Father would take her to all the ends of the earth, but he had staunchly refused to return to Halstead. To know the land and the people who raised her father was not a chance she would squander. She found herself grasping for any connection to him now.

Perhaps she could visit the shops and learn of a position that way. There had to be a village nearby. In fact, she knew there was. Gordley? Grandon? It started with a G, she remembered that much.

Giulia climbed the grand staircase and halted on the landing, where it split in two. The castle was quiet. She tipped her head back, tracing the gray stone walls that rose on either side of her and met at the top far above. It was a sturdy house, prestigious enough for an earl. And yet, somehow the dignity and grandeur made the castle feel all the more lonely in its silence.

Drawing in a steadying breath, Giulia imagined her father as a boy, running up and down these very stairs. He should have been with her now. He should have been the person to show Giulia her ancestor’s home. But the earl and his anger had forbidden it while Patrick Pepper was alive, and now it was too late.

Questions filled Giulia’s mind. Lord Hart had not sent for her, but someone had.
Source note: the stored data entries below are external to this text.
Definition colour_poly (c : nat) : {poly F} :=
  \poly_(i < k) field_elt (c %/ Q ^ i %% Q) + 'X^(k.+1).

Lemma card_roots_lt (p : {poly F}) : p != 0 -> (#|[set x | root p x]| < size p)%N.
Proof.
move=> p_neq0; rewrite cardE; apply: max_poly_roots p_neq0 _ (enum_uniq _).
by apply/allP => x; rewrite mem_enum inE.
Qed.

Lemma card_colour_poly_agree c1 c2 : (c1 < Q ^ k)%N -> (c2 < Q ^ k)%N -> c1 != c2 ->
  (#|[set x | (colour_poly c1).[x] == (colour_poly c2).[x]]| <= k)%N.
Proof.
move=> lt1 lt2 neq; set p := colour_poly c1 - colour_poly c2.
have Q_gt0 : (0 < Q)%N by apply/card_gt0P; exists 0.
have size_p : (size p <= k)%N.
  rewrite /p /colour_poly opprD addrACA subrr addr0.
  by apply: leq_trans (size_polyD _ _) _; rewrite geq_max size_polyN !size_poly.
have p_neq0 : p != 0.
  apply: contra_neq neq => p0.
  apply: (digits_inj Q_gt0 lt1 lt2) => i lt_ik; apply: field_elt_inj; rewrite ?ltn_pmod //.
  have := congr1 (fun q : {poly F} => q`_i) p0.
  rewrite coefB !coefD !coefXn !coef_poly coef0 lt_ik.
  by rewrite (ltn_eqF (leqW lt_ik)) !addr0 => /eqP; rewrite subr_eq0 => /eqP.
have agree_root :
    [set x | (colour_poly c1).[x] == (colour_poly c2).[x]] \subset [set x | root p x].
  by apply/subsetP => x; rewrite !inE rootE !hornerE subr_eq0.
apply: leq_trans (subset_leq_card agree_root) _; rewrite -ltnS.
exact: leq_trans (card_roots_lt p_neq0) (leq_trans size_p _).
Qed.

Lemma card_colour_poly_hits c y : (#|[set x | (colour_poly c).[x] == y]| <= k.+1)%N.
Proof.
set p := colour_poly c - y%:P.
have p_neq0 : p != 0.
  apply/eqP => p0; have := congr1 (fun q : {poly F} => q`_k.+1) p0.
  rewrite coefB coefD coef_poly ltnNge leqnSn coefXn eqxx coefC coef0 /= add0r subr0.
  by move/eqP; rewrite oner_eq0.
have size_p : (size p <= k.+2)%N.
  apply: leq_trans (size_polyD _ _) _; rewrite geq_max size_polyN size_polyC.
  rewrite (leq_trans (leq_b1 _)) // andbT; apply: leq_trans (size_polyD _ _) _.
  rewrite geq_max size_polyXn leqnn andbT.
  exact: leq_trans (size_poly _ _) (leqW (leqW (leqnn k))).
have hit_root : [set x | (colour_poly c).[x] == y] \subset [set x | root p x].
  by apply/subsetP => x; rewrite !inE rootE !hornerE subr_eq0.
apply: leq_trans (subset_leq_card hit_root) _; rewrite -ltnS.
exact: leq_trans (card_roots_lt p_neq0) size_p.
Qed.

End ColourPolynomials.

Section Algorithm.
Variables (R : realFieldType) (F : finFieldType) (k N : nat).
Local Notation Q := #|F|.

Record alg_state := AlgState {
  st_id : nat; st_col0 : nat; st_weight : R;
  st_coloured : bool; st_col : nat; st_delta : R; st_joined : bool }.

Definition set_col (s : alg_state) (c : nat) : alg_state :=
  AlgState (st_id s) (st_col0 s) (st_weight s) true c (st_delta s) (st_joined s).
Definition set_delta (s : alg_state) (d : R) : alg_state :=
  AlgState (st_id s) (st_col0 s) (st_weight s) (st_coloured s) (st_col s) d (st_joined s).
Definition set_joined (s : alg_state) (b : bool) : alg_state :=
  AlgState (st_id s) (st_col0 s) (st_weight s) (st_coloured s) (st_col s) (st_delta s) b.

Definition candidate (j c : nat) : nat := field_index (colour_poly F k c).[field_elt F j]%R.

Definition shown_col (j : nat) (s : alg_state) : nat :=
  if st_coloured s then st_col s else candidate j (st_col0 s).

Definition colour_step (j : nat) (s : alg_state) (ns : seq alg_state) : alg_state :=
  let c := candidate j (st_col0 s) in
  if ~~ st_coloured s && all (fun f => shown_col j f != c) ns then set_col s c else s.

Definition ratio_step (i : nat) (s : alg_state) (ns : seq alg_state) : alg_state :=
  if st_col s == i then set_delta s (Num.max 0 (st_weight s - \sum_(f <- ns) st_delta f))%R
  else s.

Definition join_step (i : nat) (s : alg_state) (ns : seq alg_state) : alg_state :=
  if st_col s == i then set_joined s ((0 < st_delta s)%R && ~~ has st_joined ns) else s.

Definition alg_step (j : nat) (s : alg_state) (ns : seq alg_state) : alg_state :=
  if j < N then colour_step j s ns
  else if j < N + Q then ratio_step (j - N) s ns
  else if j < N + Q + Q then join_step (Q.-1 - (j - N - Q)) s ns
  else s.

Definition alg_init (i : bool * nat * nat * R) : alg_state :=
  AlgState i.1.1.2 i.1.2 i.2 false 0 0%R false.

Definition alg_rounds : nat := (N + Q + Q).*2.

Definition alg_output (w : view R) : bool :=
  st_joined (run_view (proto_init alg_init) (proto_step st_id alg_step) alg_rounds w).1.

Lemma alg_step_fixed j s ns : let s' := alg_step j s ns in
  [/\ st_id s' = st_id s, st_col0 s' = st_col0 s & st_weight s' = st_weight s].
Proof. by rewrite /alg_step /colour_step /ratio_step /join_step; repeat case: ifP. Qed.

Lemma alg_step_id j s ns : st_id (alg_step j s ns) = st_id s.
Proof. by case: (alg_step_fixed j s ns). Qed.
Lemma walks1 u v : walks i 1 u v = jadj i u v.
Proof.
rewrite /=; case: (boolP (jadj i u v)) => uv.
  by rewrite (bigD1 v) //= eqxx big1 // => w /andP[_ /negbTE->].
by rewrite big1 // => w uw; case: eqP => // wv; rewrite -wv uw in uv.
Qed.

Lemma jadjC u v : jadj i u v = jadj i v u.
Proof. by rewrite /jadj setIC. Qed.

Lemma walksC m u v : walks i m u v = walks i m v u.
Proof.
elim: m u v => [|m IHm] u v; first by rewrite /= eq_sym.
rewrite -[in LHS](addn1 m) -(add1n m) !walksD.
by apply: eq_bigr => w _; rewrite !walks1 jadjC IHm mulnC.
Qed.

Lemma walks_le_expn m u v : walks i m u v <= #|{: jvert n k}| ^ m.
Proof.
elim: m u => [|m IHm] u /=; first by case: (u == v).
rewrite expnS; apply: (@leq_trans (\sum_(w | jadj i u w) #|{: jvert n k}| ^ m)).
  exact: leq_sum.
by rewrite sum_nat_const leq_mul2r max_card orbT.
Qed.

End Walks.

Section Relabelling.
Local Open Scope nat_scope.
Variables n k i : nat.
Implicit Types (s : {perm 'I_n}) (u v w : jvert n k).

Lemma card_perm_imset s u : #|s @: val u| == k.
Proof. by rewrite card_imset ?(valP u) //; exact: perm_inj. Qed.

Definition jvert_perm s u : jvert n k := exist _ (s @: val u) (card_perm_imset s u).

Lemma jvert_perm_inj s : injective (jvert_perm s).
Proof. by move=> u v /(congr1 val) /(imset_inj (@perm_inj _ s)) /val_inj. Qed.

Lemma jvert_perm_id s u : {in val u, s =1 id} -> jvert_perm s u = u.
Proof. by move=> su; apply: val_inj; rewrite /= (eq_in_imset su) imset_id. Qed.

Lemma jadj_perm s u v : jadj i (jvert_perm s u) (jvert_perm s v) = jadj i u v.
Proof.
rewrite /jadj /= -imsetI ?card_imset //; first exact: perm_inj.
by move=> ? ? _ _ /perm_inj.
Qed.

Lemma walks_perm s m u v :
  walks i m (jvert_perm s u) (jvert_perm s v) = walks i m u v.
Proof.
elim: m u => [|m IHm] u /=; first by rewrite (inj_eq (@jvert_perm_inj s)).
rewrite (reindex_inj (@jvert_perm_inj s)) /=.
by apply: eq_big => w; rewrite ?jadj_perm ?IHm.
Qed.
Lemma is_cone_convex C : is_cone C -> convex_cone C.
Proof.
  intros (l & _ & Hl); split.
  - intros t x Ht Hx; apply Hl; apply Hl in Hx; revert Hx; apply Forall_impl.
    unfold halfspace; intros a Ha.
    replace (dot a (scale t x)) with (t * dot a x) by (unfold dot, scale; simpl; ring).
    apply Rmult_le_pos; assumption.
  - intros x y Hx Hy; apply Hl; apply Hl in Hx, Hy.
    rewrite Forall_forall in *; unfold halfspace in *; intros a Ha.
    replace (dot a (padd x y)) with (dot a x + dot a y) by (unfold dot, padd; simpl; ring).
    specialize (Hx a Ha); specialize (Hy a Ha); lra.
Qed.

Lemma is_cone_seq_closed C : is_cone C -> seq_closed C.
Proof.
  intros (l & _ & Hl) s x Hs Hcv; apply Hl.
  rewrite Forall_forall; intros a Ha; unfold halfspace.
  apply (Rle_cv_lim (Un := fun _ => 0) (Vn := fun n => dot a (s n))).
  - intros n; assert (H := proj1 (Hl (s n)) (Hs n)); rewrite Forall_forall in H.
    exact (H a Ha).
  - apply Un_cv_const.
  - exact (pt_cv_dot _ _ _ _ (pt_cv_const a) Hcv).
Qed.

Lemma convex_cone_flip C : convex_cone C -> convex_cone (fun x => C (flip x)).
Proof.
  intros HC; split.
  - intros t x Ht Cx; rewrite flip_scale; apply (cone_scale _ HC); assumption.
  - intros x y Cx Cy; rewrite flip_padd; apply (cone_add _ HC); assumption.
Qed.

Lemma is_cone_flip C : is_cone C -> is_cone (fun x => C (flip x)).
Proof.
  intros (l & Hnz & Hl); exists (map flip l); split.
  - rewrite Forall_map; revert Hnz; apply Forall_impl; intros a Ha E.
    apply Ha; rewrite <- (flip_involutive a), E; apply flip_origin.
  - intros x; rewrite Hl, Forall_map; unfold halfspace.
    rewrite !Forall_forall; split; intros H a Ha; specialize (H a Ha);
      [rewrite <- dot_flip|rewrite dot_flip]; exact H.
Qed.

Lemma not_isolated_origin S : ~ isolated_origin S <->
  forall eps, 0 < eps -> exists x, S x /\ x <> origin /\ sqnorm x < eps * eps.
Proof.
  split.
  - intros Hn eps He; apply NNPP; intros Hno; apply Hn; exists eps; split; [exact He|].
    intros x Sx Hx; apply NNPP; intros Nx; apply Hno; exists x; auto.
  - intros H (eps & He & Hi); destruct (H eps He) as (x & Sx & Nx & Hx); exact (Nx (Hi x Sx Hx)).
Qed.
Someonehad sent her a letter inviting her to Halstead Manor. She had wondered for a brief moment if the earl had written the letter but then decided to pretend otherwise, but he proved that theory false with his conversation in the study.

That left very few people that could have deceived her, and none of them made logical sense. Could it have been Wells? The man was an old family retainer. He had been at Halstead when her father was growing up—Giulia remembered his name from her father’s stories—only then he’d been a footman. Could Wells have written the letter in an effort to mend broken fences?

If it was Wells, he likely had the best of intentions. He could not have known that Lord Hart would not care one whit for his deceased brother’s child.

Shaking her head, Giulia lifted the hem of her plain, gray gown and started toward the next set of stairs.

One direction would lead to the west wing, so she turned the opposite direction. Presumably the east wing.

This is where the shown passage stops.